[Dataset records]
(* Let $\kappa>0$, let $V:[0,1]\to\mathbb R$ be smooth, and let $\theta:[0,1]\to\mathbb R$ be smooth with $\theta>0$ on $(0,1)$, $\theta(0)=\theta(1)=0$, $\theta'(0)>0$, $\theta'(1)<0$. Let $(\lambda,w,z)$ be the continuous characteristic triple. Then $$w(x)z(x)=\frac1C\,\frac{w^2(x)e^{-2V(x)/\kappa}}{\theta(x)},\qquad x\in(0,1),$$ where $C=\int_0^1\frac{w^2(x)e^{-2V(x)/\kappa}}{\theta(x)}\,dx>0$.
   Context: The continuous characteristic triple $(\lambda,w,z)$ consists of the principal eigenvalue $\lambda$ and positive (on $(0,1)$) principal eigenfunctions of the problems $$-\tfrac\kappa2(\theta z)''-(\theta zV')'=\lambda z\ \text{on }(0,1),\quad \lim_{x\to0,1}\theta(x)z(x)=0,$$ $$-\tfrac\kappa2\theta w''+\theta V'w'=\lambda w\ \text{on }(0,1),\quad w(0)=w(1)=0,$$ normalised by $\int_0^1z\,dx=1$ and $\int_0^1wz\,dx=1$ (these principal eigenpairs exist and are unique up to normalisation). *)

From Stdlib Require Import Reals Lra.
From Coquelicot Require Import Coquelicot.
Open Scope R_scope.

(* f is smooth (C^infinity); used for functions R -> R whose restriction to
   [0,1] is the paper's smooth function. *)
Definition smooth (f : R -> R) : Prop := forall (n : nat) (x : R), ex_derive_n f n x.

Definition in_open01 (x : R) : Prop := 0 < x < 1.

Definition w_eigen (k : R) (V th : R -> R) (mu : R) (w : R -> R) : Prop :=
  (forall x, in_open01 x -> ex_derive w x /\ ex_derive (Derive w) x) /\
  (forall x, in_open01 x ->
     - (k / 2) * th x * Derive (Derive w) x + th x * Derive V x * Derive w x
     = mu * w x) /\
  w 0 = 0 /\ w 1 = 0 /\
  filterlim w (at_right 0) (locally 0) /\ filterlim w (at_left 1) (locally 0).

Definition z_eigen (k : R) (V th : R -> R) (mu : R) (z : R -> R) : Prop :=
  (forall x, in_open01 x ->
     ex_derive (fun y => th y * z y) x /\
     ex_derive (Derive (fun y => th y * z y)) x /\
     ex_derive (fun y => th y * z y * Derive V y) x) /\
  (forall x, in_open01 x ->
     - (k / 2) * Derive (Derive (fun y => th y * z y)) x
     - Derive (fun y => th y * z y * Derive V y) x
     = mu * z x) /\
  filterlim (fun y => th y * z y) (at_right 0) (locally 0) /\
  filterlim (fun y => th y * z y) (at_left 1) (locally 0).
Lemma flip_on_adj A z w :
  (`|det2 (vec (flip_on A z)) (vec (flip_on A w))| == k%:Z) =
  (`|det2 (vec z) (vec w)| == k%:Z).
Proof.
case: (flip_onP A z) => [n An hz|zout]; case: (flip_onP A w) => [n' An' hw|wout] //.
- have [<-|nn'] := eqVneq n n'; first by rewrite normr_det2_fflip.
  have hz' : in_interval n (cvec (fflip n z)) by rewrite in_interval_fflip.
  have hzn' : ~~ in_interval n' (cvec (fflip n z)).
    by apply: contra nn' => /(in_interval_uniq hz')/eqP.
  have hwn : ~~ in_interval n (cvec w).
    by apply: contra nn' => /in_interval_uniq/(_ hw)/eqP.
  by rewrite normr_det2C fflip_adj_out // normr_det2C fflip_adj_out.
- exact: fflip_adj_out (wout n An).
- by rewrite normr_det2C fflip_adj_out ?zout // normr_det2C.
Qed.

(* Slope n + 1/k^2 rather than n + 1/k, which for k = 2 is the midpoint of
   (n, n+1) and hence fixed by [fflip n]. *)
Definition witness_coord (n : nat) : int * int := (k%:Z * k%:Z * n%:Z + 1, k%:Z * k%:Z).

Lemma primitive_witness n : primitive (uncoord w0 w1 (witness_coord n)).
Proof.
rewrite -(primitive_coord det_w) uncoordK //; apply/coprimezP.
by exists (1, - n%:Z) => /=; ring.
Qed.

Lemma in_fiber_vec_witness n : in_fiber_vec (uncoord w0 w1 (witness_coord n)).
Proof.
have k0 : k%:Z%:~R = 0 :> 'Z_k by exact: pchar_Zp.
exists 1; first exact: unitr1.
by rewrite /= !(intrD, intrM) k0 w0a w0b; split; ring.
Qed.

Definition witness n : fiber := fiber_of (primitive_witness n) (in_fiber_vec_witness n).

Lemma cvec_witness n :
  cvec (witness n) = witness_coord n \/ cvec (witness n) = - witness_coord n.
Proof.
case: (vec_fiber_of (primitive_witness n) (in_fiber_vec_witness n)) => ->.
  by rewrite uncoordK //; left.
by rewrite coordN uncoordK //; right.
Qed.

Lemma in_interval_witness n : in_interval n (cvec (witness n)).
Proof.
have k2 : 4 <= k%:Z * k%:Z by nia.
case: (cvec_witness n) => ->; rewrite ?in_intervalN /in_interval /=.
all: by apply/andP; split; nia.
Qed.

Lemma fflip_witness n : fflip n (witness n) <> witness n.
Proof.
move=> e; set x := vec (witness n).
have fx : flip n x = x \/ flip n x = - x.
  case: (vec_fflip n (witness n)); rewrite e -/x => ex; first by left.
  by right; rewrite {2}ex opprK.
have : mirror n (cvec (witness n)) = cvec (witness n) \/
       mirror n (cvec (witness n)) = - cvec (witness n).
  by rewrite -(coord_flip det_w) -coordN -/x; case: fx => ->; [left | right].
have k2 : 4 <= k%:Z * k%:Z by nia.
by move/mirror_pm_eq; case: (cvec_witness n) => -> /=; lia.
Qed.

Theorem fiber_aut_not_enumerable :
  ~ exists e : nat -> (fiber -> fiber),
      forall f, is_fiber_aut k a b f -> exists n : nat, forall z, e n z = f z.
Proof.
case=> e he; pose A := [pred n | vec (e n (witness n)) == vec (witness n)].
have [|n en] := he (flip_on A).
  split; first exact: inv_bij (flip_onK A).
  by move=> z w; rewrite !Fk_adj_fiberE flip_on_adj.
move: (en (witness n)); case: (flip_onP A (witness n)) => [n' An' hn'|out] ew.
  have nn' := in_interval_uniq hn' (in_interval_witness n); subst n'.
  by apply: (@fflip_witness n); rewrite -ew; apply: vec_inj_pm; left; apply/eqP.
by move: (out n); rewrite inE ew eqxx in_interval_witness => /(_ isT).
Qed.

End Fiber.

Theorem proposition4p15 (k : nat) (hk : (1 < k)%N) (a b : 'Z_k)
  (hL : admissible k a b) :
  ~ exists e : nat -> (fiber k a b -> fiber k a b),
      forall f, is_fiber_aut k a b f -> exists n : nat, forall x, e n x = f x.
Proof.
case: k hk a b hL => [|[|m]] // _ a b hL.
have [w0 [pw0 w0a w0b]] := admissible_lift hL.
have [w1 det_w] := primitive_completion pw0.
exact: fiber_aut_not_enumerable det_w w0a w0b.
Qed.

EXERCISE GOAL. Reprint exactly the lines above that start at the one with "Definition w_eigen (k" and end at the one with "filterlim w (at_right", keeping both and adding none.

TASK ANSWER.
Definition w_eigen (k : R) (V th : R -> R) (mu : R) (w : R -> R) : Prop :=
  (forall x, in_open01 x -> ex_derive w x /\ ex_derive (Derive w) x) /\
  (forall x, in_open01 x ->
     - (k / 2) * th x * Derive (Derive w) x + th x * Derive V x * Derive w x
     = mu * w x) /\
  w 0 = 0 /\ w 1 = 0 /\
  filterlim w (at_right 0) (locally 0) /\ filterlim w (at_left 1) (locally 0).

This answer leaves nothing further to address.